Records for this task ->
Lemma sum_f_R0_even (G : nat -> R) (k : nat) :
  sum_f_R0 (fun i => if Nat.even i then G i else 0) k =
  sum_f_R0 (fun j => G (2 * j)%nat) (Nat.div2 k).
Proof.
  set (F := fun i => if Nat.even i then G i else 0).
  assert (Hodd : forall N, sum_f_R0 F (2 * N + 1) = sum_f_R0 F (2 * N)).
  { intros N. rewrite Nat.add_1_r, tech5.
    replace (F (S (2 * N))) with 0
      by (unfold F; rewrite <- Nat.add_1_r, Nat.even_odd; reflexivity).
    ring. }
  assert (Heven : forall N, sum_f_R0 F (2 * N) = sum_f_R0 (fun j => G (2 * j)%nat) N).
  { induction N as [| N IH]; [reflexivity |].
    replace (2 * S N)%nat with (S (2 * N + 1)) by lia.
    rewrite tech5, Hodd, IH. unfold F.
    replace (S (2 * N + 1)) with (2 * S N)%nat by lia.
    rewrite Nat.even_even. reflexivity. }
  destruct (Nat.Even_or_Odd k) as [[N ->] | [N ->]].
  - rewrite Nat.div2_double. apply Heven.
  - rewrite Nat.add_1_r, Nat.div2_succ_double, <- Nat.add_1_r, Hodd. apply Heven.
Qed.

Lemma conv_exp_even_lam (z mu : R) (b : nat -> R) (k : nat) :
  lam mu k * conv (exp_even z) b k =
  conv (fun i => INR i * exp_even z i) b k + conv (exp_even z) (fun m => lam mu m * b m) k.
Proof.
  unfold conv. rewrite scal_sum, <- plus_sum. apply sum_eq; intros i Hi.
  unfold exp_even. destruct (Nat.even i) eqn:Hev; [| ring].
  rewrite (lam_add_even mu i k Hev Hi). ring.
Qed.

Lemma conv_exp_even_lam2 (z mu : R) (b : nat -> R) (k : nat) :
  lam mu k ^ 2 * conv (exp_even z) b k =
  conv (fun i => INR i ^ 2 * exp_even z i) b k
  + 2 * conv (fun i => INR i * exp_even z i) (fun m => lam mu m * b m) k
  + conv (exp_even z) (fun m => lam mu m ^ 2 * b m) k.
Proof.
  unfold conv. rewrite !scal_sum, <- !plus_sum. apply sum_eq; intros i Hi.
  unfold exp_even. destruct (Nat.even i) eqn:Hev; [| ring].
  rewrite (lam_add_even mu i k Hev Hi). ring.
Qed.

Lemma T_term_conv (alpha mu : R) (n : nat) (f : R -> R) (x : R) (k : nat) :
  0 <= mu ->
  T_term alpha mu n f x k =
  conv (exp_even (alpha * x ^ 2)) (e_mu_term mu (INR n * x)) k * f (lam mu k / INR n).
Proof.
  intros Hmu. unfold T_term, h_mu, conv, e_mu_term. f_equal.
  transitivity (sum_f_R0 (fun i => if Nat.even i then
      (alpha * x ^ 2) ^ Nat.div2 i / INR (fact (Nat.div2 i)) *
      ((INR n * x) ^ (k - i) / gamma_mu mu (k - i)) else 0) k).
  2: { apply sum_eq; intros i _. unfold exp_even. destruct (Nat.even i); ring. }
  rewrite sum_f_R0_even.
  pose proof (gamma_mu_pos mu Hmu k).
  transitivity (x ^ k * sum_f_R0 (fun j => alpha ^ j * INR n ^ (k - 2 * j) /
    (INR (fact j) * gamma_mu mu (k - 2 * j))) (Nat.div2 k)); [field; lra |].
  rewrite scal_sum. apply sum_eq; intros j Hj. rewrite Nat.div2_double.
  assert (Hjk : (2 * j <= k)%nat).
  { pose proof (Nat.div2_odd k). destruct (Nat.odd k); simpl in *; lia. }
  replace (x ^ k) with ((x ^ 2) ^ j * x ^ (k - 2 * j))
    by (rewrite <- pow_mult, <- pow_add; f_equal; lia).
  rewrite !Rpow_mult_distr.
  pose proof (INR_fact_neq_0 j). pose proof (gamma_mu_pos mu Hmu (k - 2 * j)).
  field; lra.
Qed.

Section Moments.

Variables mu z y : R.
Hypotheses (Hmu : 0 <= mu) (Hz : 0 <= z) (Hy : 0 <= y).

Let A0 (i : nat) : 0 <= exp_even z i := exp_even_nonneg z i Hz.
Let A1 (i : nat) : 0 <= INR i * exp_even z i := Rmult_le_pos _ _ (pos_INR i) (A0 i).
Let A2 (i : nat) : 0 <= INR i ^ 2 * exp_even z i := Rmult_le_pos _ _ (pow2_ge_0 _) (A0 i).
Let B0 (m : nat) : 0 <= e_mu_term mu y m := e_mu_term_nonneg mu Hmu y m Hy.
Let B1 (m : nat) : 0 <= lam mu m * e_mu_term mu y m :=
  Rmult_le_pos _ _ (lam_nonneg mu Hmu m) (B0 m).
Let B2 (m : nat) : 0 <= lam mu m ^ 2 * e_mu_term mu y m := Rmult_le_pos _ _ (pow2_ge_0 _) (B0 m).

Lemma is_series_conv_exp_even_e_mu :
  is_series (conv (exp_even z) (e_mu_term mu y)) (exp z * e_mu mu y).
Proof.
  exact (is_series_mult_pos _ _ _ _ (is_series_exp_even z) (is_series_e_mu mu Hmu y) A0 B0).
Qed.

Lemma is_series_lam_conv_exp_even_e_mu :
  is_series (fun k => lam mu k * conv (exp_even z) (e_mu_term mu y) k)
    (exp z * ((2 * z + y) * e_mu mu y)).
Proof.
  pose proof (is_series_mult_pos _ _ _ _
    (is_series_INR_exp_even z) (is_series_e_mu mu Hmu y) A1 B0) as C10.
  pose proof (is_series_mult_pos _ _ _ _
    (is_series_exp_even z) (is_series_lam_e_mu mu Hmu y) A0 B1) as C01.
  eapply is_series_Rext; [intros k; symmetry; apply conv_exp_even_lam | |
    exact (is_series_Rplus _ _ _ _ C10 C01)].
  ring.
Qed.

Lemma is_series_lam2_conv_exp_even_e_mu :
  is_series (fun k => lam mu k ^ 2 * conv (exp_even z) (e_mu_term mu y) k)
    (exp z * ((4 * z * (z + 1) + 4 * z * y + y * (y + 1)) * e_mu mu y
              + 2 * mu * y * e_mu mu (- y))).
Proof.
  pose proof (is_series_mult_pos _ _ _ _
    (is_series_INR2_exp_even z) (is_series_e_mu mu Hmu y) A2 B0) as C20.
  pose proof (is_series_mult_pos _ _ _ _
    (is_series_INR_exp_even z) (is_series_lam_e_mu mu Hmu y) A1 B1) as C11.
  pose proof (is_series_mult_pos _ _ _ _
    (is_series_exp_even z) (is_series_lam2_e_mu mu Hmu y) A0 B2) as C02.
  eapply is_series_Rext; [intros k; symmetry; apply conv_exp_even_lam2 | |
    exact (is_series_Rplus _ _ _ _ (is_series_Rplus _ _ _ _ C20 (is_series_Rscal 2 _ _ C11)) C02)].
  ring.
Qed.

End Moments.
Lemma det_shift_char_poly (c : F) :
  \det (('X + c%:P)%:M + map_mx polyC A) = (-1) ^+ N * (char_poly A \Po (- 'X - c%:P)).
Proof.
rewrite -det_map_mx -detZ scaleN1r; congr (\det _).
apply/matrixP => i j; rewrite !mxE.
by case: eqVneq => _; rewrite /= ?mulr1n ?mulr0n rmorphB /= ?rmorph0 ?comp_polyX comp_polyC; ring.
Qed.

Variables (c D : F) (s : seq F).
Hypotheses (rowsumA : forall i, \sum_j A i j = D)
           (char_polyA : char_poly A = ('X - D%:P) * \prod_(e <- s) ('X - e%:P)).

Let lam : {poly F} := 'X + (c + D)%:P.
Let B : 'M[{poly F}]_N := ('X + c%:P)%:M + map_mx polyC A.
Let ones_col : 'cV[{poly F}]_N := const_mx 1.
Let ones_row : 'rV[{poly F}]_N := const_mx 1.

Lemma size_char_poly_factor : N = (size s).+1.
Proof.
have := size_char_poly A; rewrite char_polyA size_Mmonic ?monic_prod_XsubC //.
  by rewrite size_XsubC size_prod_XsubC => -[].
by rewrite -size_poly_eq0 size_XsubC.
Qed.

Lemma det_shift_factor : \det B = lam * \prod_(e <- s) ('X - (- c - e)%:P).
Proof.
apply: (@mulfI _ ((-1) ^+ N)); first by rewrite signr_eq0.
rewrite det_shift_char_poly mulrA -exprMn mulrNN mulr1 expr1n mul1r.
rewrite char_polyA comp_polyM comp_polyB comp_polyX comp_polyC rmorph_prod /=.
under eq_bigr do rewrite comp_polyB comp_polyX comp_polyC.
rewrite prod_XsubC_opp_shift {1}size_char_poly_factor exprS /lam rmorphD /=; ring.
Qed.

Lemma mul_B_ones : B *m ones_col = lam *: ones_col.
Proof.
apply/matrixP => i j; rewrite mulmxDl mul_scalar_mx !mxE.
rewrite (eq_bigr (fun k => (A i k)%:P)); last by move=> k _; rewrite !mxE mulr1.
by rewrite -rmorph_sum rowsumA /lam rmorphD /=; ring.
Qed.

Lemma char_poly_mx_scaleJ_sub :
  char_poly_mx (c *: (const_mx 1 - 1%:M) - A) = B - c%:P *: (ones_col *m ones_row).
Proof.
apply/matrixP => i j; rewrite !mxE big_ord1 !mxE.
by case: eqVneq => _ /=; rewrite ?mulr1n ?mulr0n rmorphB /= ?rmorph0; ring.
Qed.

Lemma char_poly_scaleJ_sub :
  char_poly (c *: (const_mx 1 - 1%:M) - A) =
    ('X - (c * (N%:R - 1) - D)%:P) * \prod_(e <- s) ('X - (- c - e)%:P).
Proof.
have lam_neq0 : lam != 0 by rewrite -size_poly_eq0 size_XaddC.
have onesE : (ones_row *m ones_col) 0 0 = N%:R.
  by rewrite !mxE (eq_bigr (fun=> 1)) => [|k _]; rewrite ?sumr_const ?card_ord // !mxE mulr1.
apply: (mulfI lam_neq0); rewrite /char_poly char_poly_mx_scaleJ_sub.
rewrite (det_sub_rank1_eigen _ _ lam_neq0 mul_B_ones) onesE det_shift_factor /lam.
by rewrite !(rmorphB, rmorphD, rmorphM, rmorph1, rmorph_nat) /=; ring.
Qed.

End ComplementaryCharPoly.

Lemma JmatE N : Jmat N = const_mx 1 - 1%:M.
Proof. by apply/matrixP => i j; rewrite !mxE; case: eqVneq; rewrite ?subrr ?subr0. Qed.

Theorem proposition3p2 (n : nat) (hn : (4 <= n)%N) :
  dmat n = 2%:R *: Jmat #|{perm 'I_n}| - Amat n
  /\ (forall s : seq algC,
        char_poly (Amat n) = ('X - (#|Dset n|)%:R%:P) * \prod_(e <- s) ('X - e%:P) ->
        char_poly (dmat n) =
          ('X - (2%:R * ((n`!)%:R - 1) - (#|Dset n|)%:R)%:P)
            * \prod_(e <- s) ('X - ((- 2%:R : algC) - e)%:P))
  /\ gamma_char (0 : Iirr (SG n)) = 2%:R * ((n`!)%:R - 1) - (#|Dset n|)%:R
  /\ (forall i : Iirr (SG n), i != 0 -> gamma_char i = (- 2%:R : algC) - eta_char i).
Proof.
split; first exact: dmat_eq.
split.
  move=> s char_polyA; rewrite dmat_eq // JmatE -card_Sn.
  exact: char_poly_scaleJ_sub (@rowsum_Amat n) char_polyA.
split; first exact: gamma_char0.
exact: gamma_char_neq0.
Qed.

Task ->
From the entries above, copy out every line where the string "with" appears.

Task answer ->
    replace (F (S (2 * N))) with 0
    replace (2 * S N)%nat with (S (2 * N + 1)) by lia.
    replace (S (2 * N + 1)) with (2 * S N)%nat by lia.
  replace (x ^ k) with ((x ^ 2) ^ j * x ^ (k - 2 * j))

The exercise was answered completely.